(* Let $P \in S$ have degree $n \geq 1$ in $x$, and suppose that the degree in $x$ of every nonzero element of $C_S(P)$ is divisible by $n$. Then $C_S(P) = K[P]$.
   Context: Standing conventions: $K$ is a field, $R = K[y]$, $\sigma$ is a $K$-algebra endomorphism of $R$ with $\deg_y(\sigma(y)) > 1$, and $\delta$ is a $K$-linear $\sigma$-derivation of $R$ ($\delta(ab) = \sigma(a)\delta(b) + \delta(a)b$). $S = R[x;\sigma,\delta]$ is the Ore extension (polynomials $\sum r_i x^i$, $r_i\in R$, with $xr = \sigma(r)x + \delta(r)$). $C_S(P)$ is the centralizer of $P$ in $S$, and $K[P] = \{\sum_i c_i P^i : c_i \in K\}$. *)

From HB Require Import structures.
From mathcomp Require Import all_boot all_order all_algebra.
Set Implicit Arguments. Unset Strict Implicit. Unset Printing Implicit Defensive.
Import GRing.Theory.
Local Open Scope ring_scope.

(* Elements of the Ore extension S = R[x; sigma, delta], R = K[y], are
   represented by their (unique) left normal form  sum_i r_i x^i, i.e. as
   polynomials in x with coefficients in R = {poly K}: type {poly {poly K}}. *)

(* left multiplication by x:  x * (sum r_i x^i) = sum (sigma r_i x^{i+1} + delta r_i x^i) *)
Definition ore_xmul (K : fieldType) (sigma delta : {poly K} -> {poly K})
  (q : {poly {poly K}}) : {poly {poly K}} :=
  'X * map_poly sigma q + map_poly delta q.

Definition ore_mul (K : fieldType) (sigma delta : {poly K} -> {poly K})
  (p q : {poly {poly K}}) : {poly {poly K}} :=
  \sum_(i < size p) (p`_i)%:P * iter i (ore_xmul sigma delta) q.

Definition ore_exp (K : fieldType) (sigma delta : {poly K} -> {poly K})
  (p : {poly {poly K}}) (n : nat) : {poly {poly K}} :=
  iter n (ore_mul sigma delta p) 1.

Definition xdeg (K : fieldType) (p : {poly {poly K}}) : nat := (size p).-1.

Definition in_centralizer (K : fieldType) (sigma delta : {poly K} -> {poly K})
  (P Q : {poly {poly K}}) : Prop :=
  ore_mul sigma delta P Q = ore_mul sigma delta Q P.

Definition in_KP (K : fieldType) (sigma delta : {poly K} -> {poly K})
  (P Q : {poly {poly K}}) : Prop :=
  exists c : seq K,
    Q = \sum_(i < size c) ((c`_i)%:P)%:P * ore_exp sigma delta P i.

Definition is_K_alg_endo (K : fieldType) (sigma : {poly K} -> {poly K}) : Prop :=
  [/\ forall a b, sigma (a + b) = sigma a + sigma b,
      forall a b, sigma (a * b) = sigma a * sigma b,
      sigma 1 = 1 &
      forall (c : K) a, sigma (c *: a) = c *: sigma a].

Definition is_sigma_derivation (K : fieldType) (sigma delta : {poly K} -> {poly K}) : Prop :=
  [/\ forall a b, delta (a + b) = delta a + delta b,
      forall (c : K) a, delta (c *: a) = c *: delta a &
      forall a b, delta (a * b) = sigma a * delta b + delta a * b].

From HB Require Import structures.
From mathcomp Require Import all_boot all_order all_algebra.
Set Implicit Arguments. Unset Strict Implicit. Unset Printing Implicit Defensive.
Import GRing.Theory.
Local Open Scope ring_scope.

(* K[P] is contained in C(P) because the Ore product is associative and
   bilinear over K (Section OreArithmetic).  Conversely, take Q in C(P) of degree
   m = n k.  The leading coefficients of P Q and Q P are
   lead(P) sigma^n(lead Q) and lead(Q) sigma^m(lead P) (Section OreDegree), so
   both z = lead(Q) and z = lead(P^k) solve  lead(P) sigma^n(z) = z w.  Since
   sigma^n is composition with a polynomial of degree at least 2, such nonzero
   solutions are unique up to a scalar (Section CompositionEquation).  Hence
   Q - c P^k has smaller degree and still lies in C(P); induction on the degree
   finishes the proof (Section Centralizer), using that K[P] is closed under
   addition (Section KPspan). *)

Section CompositionEquation.
Variables (K : fieldType) (t : {poly K}).
Hypothesis t_deg : (1 < (size t).-1)%N.

Local Notation tau a := (a \Po t).

(* t itself is nonconstant, so composition with t preserves nonzeroness. *)
Lemma size_t_gt1 : (1 < size t)%N.
Proof. by apply: leq_trans t_deg _; rewrite leq_pred. Qed.

(* Composition with t multiplies degrees by deg t >= 2, so it can only fail
   to raise the size of a nonzero polynomial when that polynomial is constant. *)
Lemma comp_size_le_const (a : {poly K}) : a != 0 ->
  (size (tau a) <= size a)%N -> exists2 c : K, c != 0 & a = c%:P.
Proof.
move=> a0 hle.
have ta0 : tau a != 0 by rewrite comp_poly_eq0 ?size_t_gt1.
have deg_le : ((size a).-1 * (size t).-1 <= (size a).-1)%N.
  by rewrite -size_comp_poly -!subn1 leq_sub2r.
have deg0 : (size a).-1 = 0%N.
  apply/eqP; apply: contraTT deg_le; rewrite -lt0n -ltnNge => dpos.
  by rewrite -{1}(muln1 (size a).-1) ltn_pmul2l.
have /size_poly1P[c c0 ->] : size a == 1%N.
  by rewrite -(prednK (_ : 0 < size a)%N) ?deg0 // size_poly_gt0.
by exists c.
Qed.

(* If a and b are coprime and  tau(a) b = tau(b) a, then tau(a) divides a and
   tau(b) divides b, hence both a and b are constants. *)
Lemma comp_coprime_const (a b : {poly K}) : a != 0 -> b != 0 -> coprimep a b ->
  tau a * b = tau b * a -> exists2 c : K, c != 0 & a = c%:P * b.
Proof.
move=> a0 b0 cop e.
have tcop : coprimep (tau a) (tau b) by exact: coprimep_comp_poly.
have dva : tau a %| a by rewrite -(Gauss_dvdpr a tcop) -e dvdp_mulIl.
have dvb : tau b %| b.
  by rewrite -(Gauss_dvdpr b (_ : coprimep _ (tau a))) 1?coprimep_sym // e dvdp_mulIl.
have [ca ca0 ->] := comp_size_le_const a0 (dvdp_leq a0 dva).
have [cb cb0 ->] := comp_size_le_const b0 (dvdp_leq b0 dvb).
by exists (ca / cb); rewrite ?mulf_neq0 ?invr_eq0 // -polyCM divfK.
Qed.

Lemma comp_eq_unique (p w z1 z2 : {poly K}) : p != 0 -> z1 != 0 -> z2 != 0 ->
  p * tau z1 = z1 * w -> p * tau z2 = z2 * w -> exists c : K, z1 = c%:P * z2.
Proof.
move=> p0 z10 z20 h1 h2.
have e : tau z1 * z2 = tau z2 * z1.
  by apply: (mulfI p0); rewrite !mulrA h1 h2 mulrAC [RHS]mulrAC (mulrC z2).
set g := gcdp z1 z2; have g0 : g != 0 by rewrite gcdp_eq0 negb_and z10.
have e1 : z1 = (z1 %/ g) * g by rewrite divpK // dvdp_gcdl.
have e2 : z2 = (z2 %/ g) * g by rewrite divpK // dvdp_gcdr.
have cop : coprimep (z1 %/ g) (z2 %/ g) by apply: coprimep_div_gcd; rewrite z10.
move: e1 e2 cop; set a := z1 %/ g; set b := z2 %/ g => e1 e2 cop.
have a0 : a != 0 by apply: contraNneq z10 => a0; rewrite e1 a0 mul0r.
have b0 : b != 0 by apply: contraNneq z20 => b0; rewrite e2 b0 mul0r.
have eab : tau a * b = tau b * a.
  have tg0 : tau g * g != 0 by rewrite mulf_neq0 // comp_poly_eq0 ?size_t_gt1.
  by apply: (mulIf tg0); move: e; rewrite e1 e2 !comp_polyM mulrACA => ->; rewrite mulrACA.
have [c _ ec] := comp_coprime_const a0 b0 cop eab.
by exists c; rewrite e1 e2 ec mulrA.
Qed.
End CompositionEquation.

Section OreArithmetic.
Variables (K : fieldType) (sigma delta : {poly K} -> {poly K}).
Hypothesis sigma_endo : is_K_alg_endo sigma.
Hypothesis delta_der : is_sigma_derivation sigma delta.

Implicit Types (a b r : {poly K}) (p q u v : {poly {poly K}}).

Local Notation xmul := (ore_xmul sigma delta).
Local Notation omul := (ore_mul sigma delta).
Local Notation oexp := (ore_exp sigma delta).

Lemma sigmaD a b : sigma (a + b) = sigma a + sigma b. Proof. by case: sigma_endo. Qed.
Lemma sigmaM a b : sigma (a * b) = sigma a * sigma b. Proof. by case: sigma_endo. Qed.
Lemma sigma1 : sigma 1 = 1. Proof. by case: sigma_endo. Qed.
Lemma sigma0 : sigma 0 = 0.
Proof. by apply: (@addrI _ (sigma 0)); rewrite -sigmaD !addr0. Qed.
Lemma sigmaC c : sigma c%:P = c%:P.
Proof. by case: sigma_endo => _ _ _ sZ; rewrite -alg_polyC sZ sigma1. Qed.

Lemma deltaD a b : delta (a + b) = delta a + delta b. Proof. by case: delta_der. Qed.
Lemma deltaM a b : delta (a * b) = sigma a * delta b + delta a * b.
Proof. by case: delta_der. Qed.
Lemma delta0 : delta 0 = 0.
Proof. by apply: (@addrI _ (delta 0)); rewrite -deltaD !addr0. Qed.
(* delta kills the constants: delta 1 = delta 1 + delta 1 by the twisted Leibniz rule. *)
Lemma deltaC c : delta c%:P = 0.
Proof.
have d1 : delta 1 = 0.
  have := deltaM 1 1; rewrite !mulr1 sigma1 mul1r => h.
  by apply: (@addrI _ (delta 1)); rewrite addr0 -h.
by case: delta_der => _ dZ _; rewrite -alg_polyC dZ d1 scaler0.
Qed.

Lemma sigma_comp a : sigma a = a \Po sigma 'X.
Proof.
elim/poly_ind: a => [|a c IH]; first by rewrite sigma0 comp_poly0.
by rewrite sigmaD sigmaM IH comp_polyD comp_polyM comp_polyX sigmaC comp_polyC.
Qed.

Lemma coef_xmul q i : (xmul q)`_i =
  (if i == 0%N then 0 else sigma q`_i.-1) + delta q`_i.
Proof. by rewrite /ore_xmul coefD coefXM !coef_map_id0 ?sigma0 ?delta0. Qed.

Lemma xmulD u v : xmul (u + v) = xmul u + xmul v.
Proof.
apply/polyP=> i; rewrite coefD !coef_xmul !coefD sigmaD deltaD.
by case: (i == 0%N); rewrite ?add0r // addrACA.
Qed.

Lemma xmul0 : xmul 0 = 0.
Proof. by apply: (@addrI _ (xmul 0)); rewrite -xmulD !addr0. Qed.

Lemma xmulCM r q : xmul (r%:P * q) = (sigma r)%:P * xmul q + (delta r)%:P * q.
Proof.
apply/polyP=> i; rewrite coef_xmul [RHS]coefD !coefCM coef_xmul deltaM mulrDr.
by case: (i == 0%N); rewrite ?mulr0 ?add0r // sigmaM addrA.
Qed.

Lemma xmulK c q : xmul ((c%:P)%:P * q) = (c%:P)%:P * xmul q.
Proof. by rewrite xmulCM sigmaC deltaC mul0r addr0. Qed.

Lemma iter_xmulD i u v : iter i xmul (u + v) = iter i xmul u + iter i xmul v.
Proof. by elim: i => //= i ->; rewrite xmulD. Qed.
Lemma iter_xmul0 i : iter i xmul 0 = 0.
Proof. by elim: i => //= i ->; rewrite xmul0. Qed.
Lemma iter_xmulK i c q : iter i xmul ((c%:P)%:P * q) = (c%:P)%:P * iter i xmul q.
Proof. by elim: i => //= i ->; rewrite xmulK. Qed.

Lemma iter_xmul1 i : iter i xmul 1 = 'X^i.
Proof.
elim: i => //= i ->; apply/polyP=> j; rewrite coef_xmul !coefXn.
have const_bool (b : bool) : (b%:R : {poly K}) = (b%:R)%:P by case: b.
rewrite (const_bool (j == i)) deltaC addr0; case: j => [|j] //=.
by rewrite const_bool sigmaC -const_bool.
Qed.

Lemma omul_wide (N : nat) p q : (size p <= N)%N ->
  omul p q = \sum_(i < N) (p`_i)%:P * iter i xmul q.
Proof.
move=> hN; rewrite /ore_mul (big_ord_widen N (fun i => (p`_i)%:P * iter i xmul q) hN).
rewrite big_mkcond; apply: eq_bigr => i _.
by case: ltnP => // hi; rewrite nth_default // mul0r.
Qed.

Lemma omulDl p p' q : omul (p + p') q = omul p q + omul p' q.
Proof.
set N := maxn (size p) (size p').
rewrite (@omul_wide N) ?(leq_trans (size_polyD _ _)) // (@omul_wide N p) ?leq_maxl //.
rewrite (@omul_wide N p') ?leq_maxr // -big_split /=; apply: eq_bigr => i _.
by rewrite coefD polyCD mulrDl.
Qed.

Lemma omul0l q : omul 0 q = 0.
Proof. by rewrite /ore_mul size_poly0 big_ord0. Qed.

Lemma omulCl r p q : omul (r%:P * p) q = r%:P * omul p q.
Proof.
rewrite (@omul_wide (size p)); last by rewrite mul_polyC size_scale_leq.
rewrite /ore_mul mulr_sumr; apply: eq_bigr => i _.
by rewrite coefCM polyCM mulrA.
Qed.

Lemma omulDr p q q' : omul p (q + q') = omul p q + omul p q'.
Proof.
by rewrite /ore_mul -big_split /=; apply: eq_bigr => i _; rewrite iter_xmulD mulrDr.
Qed.

Lemma omul0r p : omul p 0 = 0.
Proof. by rewrite /ore_mul big1 // => i _; rewrite iter_xmul0 mulr0. Qed.

Lemma omulKr c p q : omul p ((c%:P)%:P * q) = (c%:P)%:P * omul p q.
Proof.
by rewrite /ore_mul mulr_sumr; apply: eq_bigr => i _; rewrite iter_xmulK mulrCA.
Qed.

Lemma omul_suml I (r : seq I) (F : I -> {poly {poly K}}) q :
  omul (\sum_(i <- r) F i) q = \sum_(i <- r) omul (F i) q.
Proof. by apply: (big_morph (omul^~ q)); [move=> u v; exact: omulDl | exact: omul0l]. Qed.

Lemma omul_sumr I (r : seq I) (F : I -> {poly {poly K}}) p :
  omul p (\sum_(i <- r) F i) = \sum_(i <- r) omul p (F i).
Proof. by apply: (big_morph (omul p)); [exact: omulDr | exact: omul0r]. Qed.

Lemma omulXl u v : omul ('X * u) v = omul u (xmul v).
Proof.
rewrite (@omul_wide (size u).+1); last first.
  have [->|u0] := eqVneq u 0; first by rewrite mulr0 size_poly0.
  by rewrite mulrC size_mulX.
rewrite big_ord_recl coefXM /= mul0r add0r /ore_mul; apply: eq_bigr => i _.
by rewrite coefXM /= add0n -iterSr iterS.
Qed.

Lemma omul_map (f : {poly K} -> {poly K}) u v : f 0 = 0 ->
  omul (map_poly f u) v = \sum_(i < size u) (f u`_i)%:P * iter i xmul v.
Proof.
move=> f0; rewrite (@omul_wide (size u)); last by rewrite /map_poly size_poly.
by apply: eq_bigr => i _; rewrite coef_map_id0.
Qed.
######
▶ [ABOUT THIS EXERCISE]:
From the listing above, output exactly the run of lines that starts with the line containing "Lemma omulCl r" and ends with the line containing "by rewrite /ore_mul -big_split".

▶ [TASK OUTPUT]:
Lemma omulCl r p q : omul (r%:P * p) q = r%:P * omul p q.
Proof.
rewrite (@omul_wide (size p)); last by rewrite mul_polyC size_scale_leq.
rewrite /ore_mul mulr_sumr; apply: eq_bigr => i _.
by rewrite coefCM polyCM mulrA.
Qed.

Lemma omulDr p q q' : omul p (q + q') = omul p q + omul p q'.
Proof.
by rewrite /ore_mul -big_split /=; apply: eq_bigr => i _; rewrite iter_xmulD mulrDr.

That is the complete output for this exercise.